The boys also rescued an elderly woman and three other children who were at the woman's home, next door to theirs, Vicente said.

"They took each of us to safety, then went back and got the others," said a grateful Vicente, clutching a small airline bag, all that she saved from her flooded home.

Tan had only a small leather backpack. "We no more nothing," she said. "That's all."

Verna Dias, Red Cross disaster chairwoman for the Seven Seas shelter, said many of the volunteers who help during such situations were unable to get to town because roads were impassable.

She left her home in Paradise Park just before midnight yesterday to get to the shelter, where about 26 people spent the night.

"It's been a long, long night," Dias said.

Also along the highway in Mountain View, the driveways of six homes in a row were buckled and washed away. The driveways bridged a drainage ditch, and the flood was so swift and strong, it simply lifted the asphalt, crumbling and cracking it so homeowners could not get to their homes in their vehicles.

Kahikopele Road, near the Mile 18 marker on the highway, was nothing more than a huge crack in the ground. The storm had gouged a 3-foot-deep trench through the middle of the road.

Trees and branches, dirt, rocks and pieces of wooden fences littered the highway.
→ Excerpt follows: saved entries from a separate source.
Lemma hilbpoly_vars_le (P : {poly rat}) (m : nat) : hilbpoly L P ->
  (size P <= m)%N -> (m <= n)%N -> exists2 mu, L mu & vars_le mu m.
Proof.
move=> [t0 hilbP] sizeP mn; apply: NNPP => none.
have notin a : L a -> ~ vars_le a m by move=> La am; apply: none; exists a.
pose C := \sum_(i < m) `|P`_i|.
pose K := C * n.+1%:R ^+ m.-1.
have K0 : 0 <= K by rewrite mulr_ge0 ?exprn_ge0 ?sumr_ge0 // => i _; apply: normr_ge0.
pose r := maxn (Num.Def.archi_bound K) t0.+1.
have r_pos : (0 < r)%N by rewrite leq_max orbT.
have Kr : K < r%:R by apply: lt_le_trans (archi_boundP K0) _; rewrite ler_nat leq_maxl.
pose t := (n.+1 * r)%N.
have t0t : (t0 <= t)%N by apply: leq_trans (ltnW (leq_maxr _ _)) (leq_pmull _ _).
have t1 : 1 <= t%:R :> rat by rewrite ler1n (leq_trans r_pos) // leq_pmull.
have le_rK : (r ^ m)%:R <= K * r%:R ^+ m.-1 :> rat.
  apply: le_trans (_ : (hilbf L t)%:R <= _); first by rewrite ler_nat hilbf_ge_pow.
  rewrite -hilbP //; apply: le_trans (horner_le_sum_norm sizeP t1) _.
  by rewrite /t natrM exprMn mulrA.
case: (posnP m) => [m0|m_pos].
  by move: le_rK; rewrite /K /C m0 big_ord0 !mul0r ler10.
move: le_rK; rewrite natrX -{1}(prednK m_pos) exprS ler_pM2r ?exprn_gt0 ?ltr0n //.
by rewrite leNgt Kr.
Qed.

End HilbertGrowth.

Theorem mainTheorem9 (n : nat) (L : monset n) (P : {poly rat}) :
  segment_ideal (@lex_lt n) L -> saturated L ->
  hilbpoly L P -> (size P <= n)%N ->
  (gen_segment (@revlex_lt n) L <->
   ((size P <= 2)%N \/ at_most_two_mingens_deg_gt1 L)).
Proof.
move=> lexL satL hilbP sizeP; split.
  case=> _ _ _ _ seg; right.
  exact: adjacent_at_most_two lexL satL (revlex_segment_adjacent lexL satL seg).
move=> cond; have [mu0 Lmu0 _] := hilbpoly_vars_le hilbP sizeP (leqnn n).
split; [exact: proj1 lexL | by exists mu0 | exact: satL | exact: borel_of_lex lexL |].
apply: mingens_segment_of_mem => tau tau' mtau deg_eq lt_tt.
case: cond => [size2|two].
  have [|mu Lmu mu_le] := hilbpoly_vars_le hilbP (m := minn 2 n) _ (geq_minr 2 n).
    by rewrite leq_min size2 sizeP.
  have mu_le2 : vars_le mu 2 := vars_le_widen (geq_minl 2 n) mu_le.
  exact: (vars_le2_revlex_mem lexL satL Lmu mu_le2 mtau deg_eq lt_tt).
have adj := at_most_two_adjacent lexL satL two.
exact: (adjacent_revlex_mem lexL satL adj mtau deg_eq lt_tt).
Qed.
Children, liberated from school for the day, swam and splashed in a flooded field near Edith Kanakaole Tennis Stadium.

Workers liberated from their jobs also found time to tour the flooded Bayfront Highway, where a Chevron station was awash in two to three feet of muddy water.

Prince Kuhio Mall and Kaiko Mall were shut down.

The KTA supermarket on Kanoelehua Avenue closed early so workers could go home and take care of their families.